Мы уходим оттуда около трех часов. Елисейские ноля серы, пустынны. А еще так недавно этот человек проезжал здесь — такой веселый, живой, молодой, в своем простом экипаже, за который его упрекали. Какая низость!.. потому что люди интеллигентные, честные, развитые, истинные патриоты не могли в своей душе, в своем сознании верить всем клеветам, которыми осыпали Гамбетту.
Крыльцо палаты убрано венками и завешано, как вдова, гигантским черным крепом, спадающим с фронтона окутывающим его своими прозрачными складками. Этот креповый вуаль — гениальное измышление; нельзя придумать более драматического символа. Эффект его потрясающий; сердце замирает, становится как-то жутко, как при виде черного флага, выкинутого в минуту опасности, угрожающей стране.
Понедельник, 8 января. Положительно этот человек наполнял собой всю Францию и даже всю Европу. Всякий должен чувствовать, что чего-то не хватает; кажется, что теперь уже больше нечего читать в газетах, нечего делать в палате.
Бывают, разумеется, люди более полезные, незаметные труженики, изобретатели, терпеливые чиновники!! Никогда не будет у них этого обаяния, этого очарования, этого могущества. Возбуждать энтузиазм, самоотвержение; группировать, объединять партии; служить рупором для своего отечества… это ли не полезно, не нужно, не прекрасно?
Воплощать свою страну, быть знаменем, к которому обращаются все глаза в минуту опасности… неужели это не выше всяких кабинетных трудов, всех добродетелей и мудрых распоряжений опытных гражданских деятелей?
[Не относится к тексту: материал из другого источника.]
(** * Neighbourhoods of 0 and little-o *)

Lemma locally0_iff (P : R -> Prop) :
  locally 0 P <-> exists d, 0 < d /\ forall u, Rabs u < d -> P u.
Proof.
  assert (Ball : forall (e : posreal) u, ball 0 e u <-> Rabs u < e).
  { intros e u. unfold ball; simpl; unfold AbsRing_ball, abs, minus, plus, opp; simpl.
    rewrite Ropp_0, Rplus_0_r. tauto. }
  split.
  - intros [e He]. exists e; split; [apply cond_pos|].
    intros u Hu. apply He, Ball, Hu.
  - intros [d [Hd H]]. exists (mkposreal d Hd). intros u Hu. apply H, (Ball (mkposreal d Hd)), Hu.
Qed.

Local Notation near0_and := (filter_and (F := locally 0)).

Lemma locally0_abs_lt (d : R) : 0 < d -> locally 0 (fun u => Rabs u < d).
Proof. intro Hd. apply locally0_iff. exists d; auto. Qed.

Definition little_o (n : nat) (g : R -> R) : Prop :=
  forall eps, 0 < eps -> locally 0 (fun u => Rabs (g u) <= eps * Rabs u ^ n).

Definition bounded_near0 (h : R -> R) : Prop :=
  exists B, locally 0 (fun u => Rabs (h u) <= B).

Lemma pow_abs_le_1 (u : R) (n : nat) : Rabs u <= 1 -> Rabs u ^ n <= 1.
Proof. intro Hu. rewrite <- (pow1 n). apply pow_incr. split; [apply Rabs_pos|exact Hu]. Qed.

Lemma pow_abs_antimono (u : R) (k n : nat) : Rabs u <= 1 -> (k <= n)%nat ->
  Rabs u ^ n <= Rabs u ^ k.
Proof.
  intros Hu Hkn. replace n with (k + (n - k))%nat by lia. rewrite pow_add.
  pose proof (pow_le (Rabs u) k (Rabs_pos u)).
  pose proof (pow_abs_le_1 u (n - k) Hu).
  pose proof (pow_le (Rabs u) (n - k) (Rabs_pos u)). nra.
Qed.

Lemma bounded_const (c : R) : bounded_near0 (fun _ => c).
Proof. exists (Rabs c). apply filter_forall. intros; lra. Qed.

Lemma bounded_id : bounded_near0 (fun u => u).
Proof.
  exists 1. eapply filter_imp; [|exact (locally0_abs_lt 1 Rlt_0_1)]. intros; lra.
Qed.

Lemma bounded_plus (g h : R -> R) :
  bounded_near0 g -> bounded_near0 h -> bounded_near0 (fun u => g u + h u).
Proof.
  intros [B HB] [C HC]. exists (B + C).
  eapply filter_imp; [|exact (near0_and _ _ HB HC)]. intros u [Hg Hh].
  eapply Rle_trans; [apply Rabs_triang|lra].
Qed.

Lemma bounded_mult (g h : R -> R) :
  bounded_near0 g -> bounded_near0 h -> bounded_near0 (fun u => g u * h u).
Proof.
  intros [B HB] [C HC]. exists (Rabs B * Rabs C).
  eapply filter_imp; [|exact (near0_and _ _ HB HC)]. intros u [Hg Hh].
  rewrite Rabs_mult. pose proof (Rle_abs B). pose proof (Rle_abs C).
  apply Rmult_le_compat; auto using Rabs_pos; lra.
Qed.

Lemma bounded_pow (n : nat) : bounded_near0 (fun u => u ^ n).
Proof.
  induction n as [|n IH]; [exact (bounded_const 1)|exact (bounded_mult _ _ bounded_id IH)].
Qed.

Lemma little_o_bounded (n : nat) (g : R -> R) : little_o n g -> bounded_near0 g.
Proof.
  intro Hg. exists 1.
  eapply filter_imp; [|exact (near0_and _ _ (Hg 1 Rlt_0_1) (locally0_abs_lt 1 Rlt_0_1))].
  intros u [H1 H2]. pose proof (pow_abs_le_1 u n ltac:(lra)). lra.
Qed.

Lemma little_o_ext (n : nat) (g h : R -> R) :
  locally 0 (fun u => g u = h u) -> little_o n g -> little_o n h.
Proof.
  intros E Hg eps Heps. eapply filter_imp; [|exact (near0_and _ _ E (Hg eps Heps))].
  intros u [Eu Hu]. rewrite <- Eu. exact Hu.
Qed.

Lemma little_o_zero (n : nat) : little_o n (fun _ => 0).
Proof.
  intros eps Heps. apply filter_forall. intro u. rewrite Rabs_R0.
  apply Rmult_le_pos; [lra|apply pow_le, Rabs_pos].
Qed.

Lemma little_o_plus (n : nat) (g h : R -> R) :
  little_o n g -> little_o n h -> little_o n (fun u => g u + h u).
Proof.
  intros Hg Hh eps Heps.
  eapply filter_imp;
    [|exact (near0_and _ _ (Hg (eps / 2) ltac:(lra)) (Hh (eps / 2) ltac:(lra)))].
  intros u [H1 H2]. eapply Rle_trans; [apply Rabs_triang|lra].
Qed.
Боже мой, умри теперь Виктор Гюго — и это ни для кого не составило бы ничего особенного; его труд не исчезнет вместе с ним, что бы ни случилось; и умри он сегодня или Десять лет тому назад — это почти безразлично — он закончил свою деятельность. Но Гамбетта был жизнью, светом каждого вновь наступающего утра; он был душой республики, в нем отражались и слава, и падения, и торжества, и смешные стороны всей его страны. Его жизнь была живой эпопеей — в деяньях и речах — из которой уж больше никто никогда не увидит ни одного жеста, не услышит ни одного звука его голоса.
Среда, 16 января. Эмиль Бастьен сопровождает нас в Вилль д’Авре, в дом Гамбетты, где работает его брат.
До тех пор, пока не увидишь своими глазами, никогда не поверишь, до какой степени жалка внутренность его жилища — я говорю жалка, потому что сказать — скромна — было бы далеко недостаточно. Одна только кухня сколько-нибудь прилична в этом маленьком домике, напоминающем сторожку садовника.